Your objective: Please copy out all lines of the entries that contain the word "mulmxA".

(Saved data entries)
========================================================================

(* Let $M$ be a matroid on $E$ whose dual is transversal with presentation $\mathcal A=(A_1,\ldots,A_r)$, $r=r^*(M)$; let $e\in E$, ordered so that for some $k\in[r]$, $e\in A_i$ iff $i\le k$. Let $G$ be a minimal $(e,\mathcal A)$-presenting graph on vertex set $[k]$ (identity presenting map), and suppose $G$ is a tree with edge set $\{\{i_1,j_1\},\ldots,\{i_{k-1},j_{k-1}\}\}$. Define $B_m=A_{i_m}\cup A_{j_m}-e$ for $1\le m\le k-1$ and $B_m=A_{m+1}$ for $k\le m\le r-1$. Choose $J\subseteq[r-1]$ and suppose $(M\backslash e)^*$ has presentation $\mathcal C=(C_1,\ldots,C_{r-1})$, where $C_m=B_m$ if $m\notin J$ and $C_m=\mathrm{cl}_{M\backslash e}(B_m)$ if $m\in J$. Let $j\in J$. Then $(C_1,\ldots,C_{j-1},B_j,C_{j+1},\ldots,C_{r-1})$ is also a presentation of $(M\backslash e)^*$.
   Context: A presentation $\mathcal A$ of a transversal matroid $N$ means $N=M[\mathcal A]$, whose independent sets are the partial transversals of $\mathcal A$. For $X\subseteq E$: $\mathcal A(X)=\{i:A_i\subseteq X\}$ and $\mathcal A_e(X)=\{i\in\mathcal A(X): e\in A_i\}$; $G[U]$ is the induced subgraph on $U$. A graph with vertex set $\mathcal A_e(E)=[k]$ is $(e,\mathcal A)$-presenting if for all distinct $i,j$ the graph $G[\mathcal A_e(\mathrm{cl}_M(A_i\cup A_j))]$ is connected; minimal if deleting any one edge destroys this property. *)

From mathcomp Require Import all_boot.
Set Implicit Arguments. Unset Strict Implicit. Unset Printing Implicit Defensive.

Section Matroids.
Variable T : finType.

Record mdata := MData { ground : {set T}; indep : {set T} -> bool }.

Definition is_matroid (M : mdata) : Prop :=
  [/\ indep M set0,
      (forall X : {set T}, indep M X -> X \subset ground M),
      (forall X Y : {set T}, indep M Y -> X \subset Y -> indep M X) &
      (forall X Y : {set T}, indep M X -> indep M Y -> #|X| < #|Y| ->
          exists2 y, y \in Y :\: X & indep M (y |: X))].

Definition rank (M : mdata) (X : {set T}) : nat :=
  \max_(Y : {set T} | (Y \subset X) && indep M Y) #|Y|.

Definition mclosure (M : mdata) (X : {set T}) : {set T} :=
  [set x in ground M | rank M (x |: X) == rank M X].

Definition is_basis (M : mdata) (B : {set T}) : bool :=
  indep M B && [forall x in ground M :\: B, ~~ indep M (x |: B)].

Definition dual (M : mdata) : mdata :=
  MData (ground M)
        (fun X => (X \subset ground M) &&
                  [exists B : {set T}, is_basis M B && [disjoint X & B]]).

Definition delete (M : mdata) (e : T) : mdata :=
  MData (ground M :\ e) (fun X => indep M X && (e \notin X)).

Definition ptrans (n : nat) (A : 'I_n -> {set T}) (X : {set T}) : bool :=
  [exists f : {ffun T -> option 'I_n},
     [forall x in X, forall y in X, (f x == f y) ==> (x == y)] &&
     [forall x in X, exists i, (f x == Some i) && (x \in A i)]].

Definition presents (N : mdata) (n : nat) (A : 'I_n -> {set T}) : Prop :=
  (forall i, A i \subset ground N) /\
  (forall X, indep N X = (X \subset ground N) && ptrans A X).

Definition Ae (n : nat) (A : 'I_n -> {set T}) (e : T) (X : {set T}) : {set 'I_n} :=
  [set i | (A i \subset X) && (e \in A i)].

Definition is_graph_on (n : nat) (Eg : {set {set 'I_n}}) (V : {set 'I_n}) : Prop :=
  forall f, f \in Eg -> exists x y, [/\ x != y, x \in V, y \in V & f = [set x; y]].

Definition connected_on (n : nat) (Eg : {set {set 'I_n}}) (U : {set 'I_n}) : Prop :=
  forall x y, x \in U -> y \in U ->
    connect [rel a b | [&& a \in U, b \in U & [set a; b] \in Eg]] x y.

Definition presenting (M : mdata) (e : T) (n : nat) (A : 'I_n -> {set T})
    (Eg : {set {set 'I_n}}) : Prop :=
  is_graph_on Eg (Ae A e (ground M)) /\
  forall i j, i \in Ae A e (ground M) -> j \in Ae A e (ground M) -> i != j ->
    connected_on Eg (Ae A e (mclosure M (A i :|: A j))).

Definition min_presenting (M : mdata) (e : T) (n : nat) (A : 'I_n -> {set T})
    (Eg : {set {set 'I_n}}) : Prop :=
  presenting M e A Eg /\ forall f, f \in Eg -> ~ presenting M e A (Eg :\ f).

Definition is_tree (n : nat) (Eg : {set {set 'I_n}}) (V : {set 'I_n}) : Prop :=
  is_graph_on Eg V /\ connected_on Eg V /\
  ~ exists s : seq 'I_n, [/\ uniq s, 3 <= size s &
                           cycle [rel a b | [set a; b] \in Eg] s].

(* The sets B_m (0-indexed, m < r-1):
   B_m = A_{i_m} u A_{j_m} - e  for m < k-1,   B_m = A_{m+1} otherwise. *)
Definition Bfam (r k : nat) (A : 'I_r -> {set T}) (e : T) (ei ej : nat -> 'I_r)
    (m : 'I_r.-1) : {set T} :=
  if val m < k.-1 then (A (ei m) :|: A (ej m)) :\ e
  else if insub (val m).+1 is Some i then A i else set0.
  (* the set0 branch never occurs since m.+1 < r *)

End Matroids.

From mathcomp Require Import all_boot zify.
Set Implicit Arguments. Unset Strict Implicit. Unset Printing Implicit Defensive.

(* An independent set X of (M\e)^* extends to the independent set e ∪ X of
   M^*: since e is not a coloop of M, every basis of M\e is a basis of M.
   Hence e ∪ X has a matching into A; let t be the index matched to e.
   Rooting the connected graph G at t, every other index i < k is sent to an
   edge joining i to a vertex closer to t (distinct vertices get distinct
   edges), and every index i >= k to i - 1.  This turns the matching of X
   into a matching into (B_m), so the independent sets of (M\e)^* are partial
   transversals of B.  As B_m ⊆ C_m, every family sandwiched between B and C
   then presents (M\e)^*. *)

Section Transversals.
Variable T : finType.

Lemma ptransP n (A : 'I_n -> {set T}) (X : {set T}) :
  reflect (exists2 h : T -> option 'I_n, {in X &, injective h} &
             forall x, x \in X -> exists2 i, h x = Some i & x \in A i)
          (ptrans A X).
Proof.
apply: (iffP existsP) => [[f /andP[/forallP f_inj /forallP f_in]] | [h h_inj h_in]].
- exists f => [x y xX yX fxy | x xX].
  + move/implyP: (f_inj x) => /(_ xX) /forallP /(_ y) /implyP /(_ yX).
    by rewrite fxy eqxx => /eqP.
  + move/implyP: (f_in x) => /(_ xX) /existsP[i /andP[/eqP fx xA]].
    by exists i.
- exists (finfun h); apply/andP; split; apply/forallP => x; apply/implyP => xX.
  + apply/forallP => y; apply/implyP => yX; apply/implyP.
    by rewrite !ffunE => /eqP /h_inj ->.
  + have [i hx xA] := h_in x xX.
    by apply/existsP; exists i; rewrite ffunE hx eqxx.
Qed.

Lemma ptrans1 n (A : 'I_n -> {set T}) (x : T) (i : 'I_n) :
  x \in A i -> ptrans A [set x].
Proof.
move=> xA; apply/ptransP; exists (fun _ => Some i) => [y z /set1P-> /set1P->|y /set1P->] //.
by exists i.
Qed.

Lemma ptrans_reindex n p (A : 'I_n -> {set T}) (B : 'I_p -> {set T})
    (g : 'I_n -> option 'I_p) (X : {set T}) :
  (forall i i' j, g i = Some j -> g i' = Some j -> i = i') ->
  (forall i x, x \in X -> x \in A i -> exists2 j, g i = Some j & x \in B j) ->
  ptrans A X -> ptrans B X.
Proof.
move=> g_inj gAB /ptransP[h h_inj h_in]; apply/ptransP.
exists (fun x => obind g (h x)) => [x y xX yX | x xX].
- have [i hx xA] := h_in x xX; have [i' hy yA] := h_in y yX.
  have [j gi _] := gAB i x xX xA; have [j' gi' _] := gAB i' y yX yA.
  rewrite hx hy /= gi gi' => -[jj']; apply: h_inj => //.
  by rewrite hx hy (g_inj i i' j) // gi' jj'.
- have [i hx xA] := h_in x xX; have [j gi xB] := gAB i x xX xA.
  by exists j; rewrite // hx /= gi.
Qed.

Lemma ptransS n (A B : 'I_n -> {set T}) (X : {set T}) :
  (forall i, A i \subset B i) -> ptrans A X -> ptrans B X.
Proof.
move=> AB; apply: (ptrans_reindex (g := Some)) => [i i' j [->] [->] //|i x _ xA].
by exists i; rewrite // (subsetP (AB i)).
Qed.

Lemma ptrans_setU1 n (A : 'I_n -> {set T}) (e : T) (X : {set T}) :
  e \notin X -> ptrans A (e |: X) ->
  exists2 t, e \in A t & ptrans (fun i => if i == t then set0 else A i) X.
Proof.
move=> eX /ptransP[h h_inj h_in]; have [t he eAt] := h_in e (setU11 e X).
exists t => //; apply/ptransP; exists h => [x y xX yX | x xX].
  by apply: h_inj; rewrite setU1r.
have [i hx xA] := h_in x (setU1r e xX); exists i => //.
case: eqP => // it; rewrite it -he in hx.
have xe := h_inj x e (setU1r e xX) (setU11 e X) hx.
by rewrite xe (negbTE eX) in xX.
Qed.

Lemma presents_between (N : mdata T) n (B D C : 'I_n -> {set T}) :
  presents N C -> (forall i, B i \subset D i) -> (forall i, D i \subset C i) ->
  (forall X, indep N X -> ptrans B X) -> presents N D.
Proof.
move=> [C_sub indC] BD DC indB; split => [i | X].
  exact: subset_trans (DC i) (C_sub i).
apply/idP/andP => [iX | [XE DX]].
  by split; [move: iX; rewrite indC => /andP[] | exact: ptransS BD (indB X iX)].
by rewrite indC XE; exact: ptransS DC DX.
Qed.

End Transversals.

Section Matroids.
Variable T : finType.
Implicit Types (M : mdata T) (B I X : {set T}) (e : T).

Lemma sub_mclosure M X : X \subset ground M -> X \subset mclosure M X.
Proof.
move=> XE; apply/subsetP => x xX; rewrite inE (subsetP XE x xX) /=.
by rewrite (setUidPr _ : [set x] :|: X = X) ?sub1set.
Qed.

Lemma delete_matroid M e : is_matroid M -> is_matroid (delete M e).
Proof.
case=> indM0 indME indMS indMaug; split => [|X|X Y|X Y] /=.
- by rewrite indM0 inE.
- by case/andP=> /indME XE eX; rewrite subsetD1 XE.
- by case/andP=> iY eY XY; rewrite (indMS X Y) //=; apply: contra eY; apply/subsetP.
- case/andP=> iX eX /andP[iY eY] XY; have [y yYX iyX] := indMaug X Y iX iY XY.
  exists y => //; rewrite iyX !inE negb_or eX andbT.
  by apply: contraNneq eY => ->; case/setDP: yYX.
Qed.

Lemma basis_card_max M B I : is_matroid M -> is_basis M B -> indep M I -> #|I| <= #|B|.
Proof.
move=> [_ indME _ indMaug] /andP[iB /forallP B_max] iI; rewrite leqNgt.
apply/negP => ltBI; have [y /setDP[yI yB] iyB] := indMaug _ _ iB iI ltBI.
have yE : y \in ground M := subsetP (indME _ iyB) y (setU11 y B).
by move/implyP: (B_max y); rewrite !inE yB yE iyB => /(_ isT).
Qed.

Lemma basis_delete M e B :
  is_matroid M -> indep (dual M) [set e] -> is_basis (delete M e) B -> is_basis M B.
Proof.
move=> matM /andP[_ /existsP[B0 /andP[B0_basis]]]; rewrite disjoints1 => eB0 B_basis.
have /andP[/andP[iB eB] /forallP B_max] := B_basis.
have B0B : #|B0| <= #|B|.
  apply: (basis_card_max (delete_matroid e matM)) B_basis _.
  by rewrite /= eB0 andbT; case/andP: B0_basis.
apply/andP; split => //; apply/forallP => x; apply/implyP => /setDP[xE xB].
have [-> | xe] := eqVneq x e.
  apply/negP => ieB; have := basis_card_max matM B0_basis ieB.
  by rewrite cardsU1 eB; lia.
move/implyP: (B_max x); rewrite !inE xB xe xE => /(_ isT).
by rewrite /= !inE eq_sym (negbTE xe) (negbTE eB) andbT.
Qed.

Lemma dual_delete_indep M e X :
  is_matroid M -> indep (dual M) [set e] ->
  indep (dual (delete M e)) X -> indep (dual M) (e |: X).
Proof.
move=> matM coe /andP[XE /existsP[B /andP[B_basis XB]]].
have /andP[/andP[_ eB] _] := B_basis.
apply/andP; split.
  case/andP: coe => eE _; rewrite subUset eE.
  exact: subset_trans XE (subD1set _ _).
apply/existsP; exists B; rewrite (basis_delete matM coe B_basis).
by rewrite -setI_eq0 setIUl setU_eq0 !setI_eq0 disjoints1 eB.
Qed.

========================================================================

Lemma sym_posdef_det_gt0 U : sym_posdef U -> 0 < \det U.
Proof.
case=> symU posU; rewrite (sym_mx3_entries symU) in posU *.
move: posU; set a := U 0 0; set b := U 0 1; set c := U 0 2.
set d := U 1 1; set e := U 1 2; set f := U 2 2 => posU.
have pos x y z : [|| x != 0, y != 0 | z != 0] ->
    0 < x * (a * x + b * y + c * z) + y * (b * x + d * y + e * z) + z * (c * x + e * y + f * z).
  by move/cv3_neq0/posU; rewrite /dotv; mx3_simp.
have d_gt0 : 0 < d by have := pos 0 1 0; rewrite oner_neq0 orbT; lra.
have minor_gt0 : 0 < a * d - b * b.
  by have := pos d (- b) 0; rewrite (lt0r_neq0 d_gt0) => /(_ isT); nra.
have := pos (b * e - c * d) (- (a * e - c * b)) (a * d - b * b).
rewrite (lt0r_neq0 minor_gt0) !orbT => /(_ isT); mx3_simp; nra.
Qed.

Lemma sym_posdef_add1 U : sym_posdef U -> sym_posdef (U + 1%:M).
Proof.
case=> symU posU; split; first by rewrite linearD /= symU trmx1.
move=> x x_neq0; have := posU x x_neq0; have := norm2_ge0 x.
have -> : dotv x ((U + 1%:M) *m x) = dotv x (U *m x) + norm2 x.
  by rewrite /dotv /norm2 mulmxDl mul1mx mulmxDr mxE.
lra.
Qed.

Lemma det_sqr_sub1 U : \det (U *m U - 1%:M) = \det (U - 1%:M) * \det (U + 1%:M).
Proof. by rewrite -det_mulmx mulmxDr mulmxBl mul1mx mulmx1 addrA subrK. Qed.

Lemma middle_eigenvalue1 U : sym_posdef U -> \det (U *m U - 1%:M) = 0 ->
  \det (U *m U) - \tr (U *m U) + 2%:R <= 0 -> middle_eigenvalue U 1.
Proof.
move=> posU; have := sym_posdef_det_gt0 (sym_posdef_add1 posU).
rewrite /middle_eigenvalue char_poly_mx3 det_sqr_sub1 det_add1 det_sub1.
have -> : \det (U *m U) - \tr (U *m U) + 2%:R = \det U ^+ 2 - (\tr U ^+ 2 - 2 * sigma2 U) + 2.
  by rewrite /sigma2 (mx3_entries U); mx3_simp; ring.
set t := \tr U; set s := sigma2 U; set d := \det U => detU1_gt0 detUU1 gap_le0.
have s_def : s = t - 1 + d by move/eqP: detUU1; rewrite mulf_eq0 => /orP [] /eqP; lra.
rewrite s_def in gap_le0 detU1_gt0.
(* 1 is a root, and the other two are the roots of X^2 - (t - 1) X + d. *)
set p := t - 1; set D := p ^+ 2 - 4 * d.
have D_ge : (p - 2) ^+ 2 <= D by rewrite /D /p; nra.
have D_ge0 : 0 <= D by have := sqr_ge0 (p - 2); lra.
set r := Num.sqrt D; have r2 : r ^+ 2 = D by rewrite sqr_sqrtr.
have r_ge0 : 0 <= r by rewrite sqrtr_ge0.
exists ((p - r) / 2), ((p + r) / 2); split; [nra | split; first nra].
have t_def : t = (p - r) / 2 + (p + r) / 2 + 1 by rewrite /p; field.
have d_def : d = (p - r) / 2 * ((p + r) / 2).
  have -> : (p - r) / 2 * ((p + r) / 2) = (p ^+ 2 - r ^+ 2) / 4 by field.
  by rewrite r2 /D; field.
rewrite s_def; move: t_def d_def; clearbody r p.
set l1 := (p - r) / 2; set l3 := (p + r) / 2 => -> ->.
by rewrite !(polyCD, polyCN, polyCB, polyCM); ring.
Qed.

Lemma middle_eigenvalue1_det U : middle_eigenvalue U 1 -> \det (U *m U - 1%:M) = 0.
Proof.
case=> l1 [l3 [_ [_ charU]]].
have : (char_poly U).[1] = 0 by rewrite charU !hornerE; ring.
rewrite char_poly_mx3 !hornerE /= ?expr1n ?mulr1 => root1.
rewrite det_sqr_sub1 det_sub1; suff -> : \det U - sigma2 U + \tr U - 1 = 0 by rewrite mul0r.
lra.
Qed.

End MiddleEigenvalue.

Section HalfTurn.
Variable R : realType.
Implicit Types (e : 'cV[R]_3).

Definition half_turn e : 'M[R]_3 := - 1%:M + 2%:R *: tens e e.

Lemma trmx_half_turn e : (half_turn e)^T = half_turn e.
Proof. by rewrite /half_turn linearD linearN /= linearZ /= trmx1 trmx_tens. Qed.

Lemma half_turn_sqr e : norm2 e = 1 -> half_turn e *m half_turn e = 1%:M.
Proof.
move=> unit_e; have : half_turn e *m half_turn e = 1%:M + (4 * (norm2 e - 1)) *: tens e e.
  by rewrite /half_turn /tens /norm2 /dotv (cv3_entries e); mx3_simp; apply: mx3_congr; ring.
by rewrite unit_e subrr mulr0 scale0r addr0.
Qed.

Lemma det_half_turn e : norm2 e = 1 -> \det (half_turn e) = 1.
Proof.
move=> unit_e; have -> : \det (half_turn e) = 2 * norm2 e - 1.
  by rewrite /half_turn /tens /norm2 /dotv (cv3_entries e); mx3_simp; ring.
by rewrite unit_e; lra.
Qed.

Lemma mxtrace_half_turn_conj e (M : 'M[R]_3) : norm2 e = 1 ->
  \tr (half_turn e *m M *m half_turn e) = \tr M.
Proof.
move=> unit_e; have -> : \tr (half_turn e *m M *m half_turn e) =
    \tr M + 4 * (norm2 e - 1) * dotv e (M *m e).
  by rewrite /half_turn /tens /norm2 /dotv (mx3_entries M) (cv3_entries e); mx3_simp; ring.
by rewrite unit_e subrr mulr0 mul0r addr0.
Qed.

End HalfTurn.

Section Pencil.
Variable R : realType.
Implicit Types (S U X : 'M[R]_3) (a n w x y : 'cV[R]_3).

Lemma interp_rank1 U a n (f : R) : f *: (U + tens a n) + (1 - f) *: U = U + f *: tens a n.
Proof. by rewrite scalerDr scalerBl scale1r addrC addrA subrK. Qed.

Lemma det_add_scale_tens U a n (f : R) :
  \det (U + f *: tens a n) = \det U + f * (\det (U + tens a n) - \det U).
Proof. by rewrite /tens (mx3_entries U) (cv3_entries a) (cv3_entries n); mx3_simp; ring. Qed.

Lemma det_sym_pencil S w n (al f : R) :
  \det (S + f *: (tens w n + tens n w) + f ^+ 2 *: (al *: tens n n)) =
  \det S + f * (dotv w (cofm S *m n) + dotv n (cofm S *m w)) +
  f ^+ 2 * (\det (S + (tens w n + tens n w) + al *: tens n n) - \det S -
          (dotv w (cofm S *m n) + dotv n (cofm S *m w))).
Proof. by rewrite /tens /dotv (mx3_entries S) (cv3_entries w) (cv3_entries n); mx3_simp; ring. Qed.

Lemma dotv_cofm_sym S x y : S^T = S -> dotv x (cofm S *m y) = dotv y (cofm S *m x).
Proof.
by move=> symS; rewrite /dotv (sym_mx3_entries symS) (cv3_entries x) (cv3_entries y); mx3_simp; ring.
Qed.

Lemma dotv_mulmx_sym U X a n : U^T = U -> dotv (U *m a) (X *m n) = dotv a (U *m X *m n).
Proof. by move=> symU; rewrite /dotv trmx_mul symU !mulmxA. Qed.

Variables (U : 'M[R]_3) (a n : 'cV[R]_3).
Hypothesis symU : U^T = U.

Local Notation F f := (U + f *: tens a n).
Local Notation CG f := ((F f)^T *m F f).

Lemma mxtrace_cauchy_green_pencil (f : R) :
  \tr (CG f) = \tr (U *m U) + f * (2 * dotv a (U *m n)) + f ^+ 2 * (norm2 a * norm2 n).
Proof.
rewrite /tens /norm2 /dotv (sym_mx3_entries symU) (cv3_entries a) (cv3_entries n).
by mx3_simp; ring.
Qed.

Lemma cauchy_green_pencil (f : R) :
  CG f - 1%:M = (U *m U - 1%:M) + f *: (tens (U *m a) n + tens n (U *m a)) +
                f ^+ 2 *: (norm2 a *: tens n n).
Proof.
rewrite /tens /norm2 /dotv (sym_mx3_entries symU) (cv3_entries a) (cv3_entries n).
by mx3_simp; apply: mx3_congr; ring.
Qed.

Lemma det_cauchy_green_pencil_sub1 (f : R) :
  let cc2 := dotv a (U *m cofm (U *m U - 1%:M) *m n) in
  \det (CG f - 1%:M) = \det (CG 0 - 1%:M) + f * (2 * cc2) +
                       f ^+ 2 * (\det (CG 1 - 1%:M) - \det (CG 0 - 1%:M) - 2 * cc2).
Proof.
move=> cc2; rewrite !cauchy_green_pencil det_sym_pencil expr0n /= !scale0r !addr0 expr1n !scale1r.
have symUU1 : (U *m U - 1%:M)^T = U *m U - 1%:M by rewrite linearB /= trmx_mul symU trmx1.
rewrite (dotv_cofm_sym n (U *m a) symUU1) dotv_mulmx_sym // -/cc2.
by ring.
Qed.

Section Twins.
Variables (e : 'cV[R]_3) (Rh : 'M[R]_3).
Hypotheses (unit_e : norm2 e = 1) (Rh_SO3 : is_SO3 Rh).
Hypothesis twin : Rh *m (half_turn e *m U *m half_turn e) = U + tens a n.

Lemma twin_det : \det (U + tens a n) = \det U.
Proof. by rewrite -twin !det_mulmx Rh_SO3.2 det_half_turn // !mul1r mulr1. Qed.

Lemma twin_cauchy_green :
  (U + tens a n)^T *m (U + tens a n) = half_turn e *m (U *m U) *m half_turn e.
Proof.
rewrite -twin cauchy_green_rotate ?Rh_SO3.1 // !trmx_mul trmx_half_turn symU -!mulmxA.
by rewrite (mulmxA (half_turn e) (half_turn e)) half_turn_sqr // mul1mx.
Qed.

========================================================================

Response box:
Proof. by move=> symU; rewrite /dotv trmx_mul symU !mulmxA. Qed.
rewrite -twin cauchy_green_rotate ?Rh_SO3.1 // !trmx_mul trmx_half_turn symU -!mulmxA.
by rewrite (mulmxA (half_turn e) (half_turn e)) half_turn_sqr // mul1mx.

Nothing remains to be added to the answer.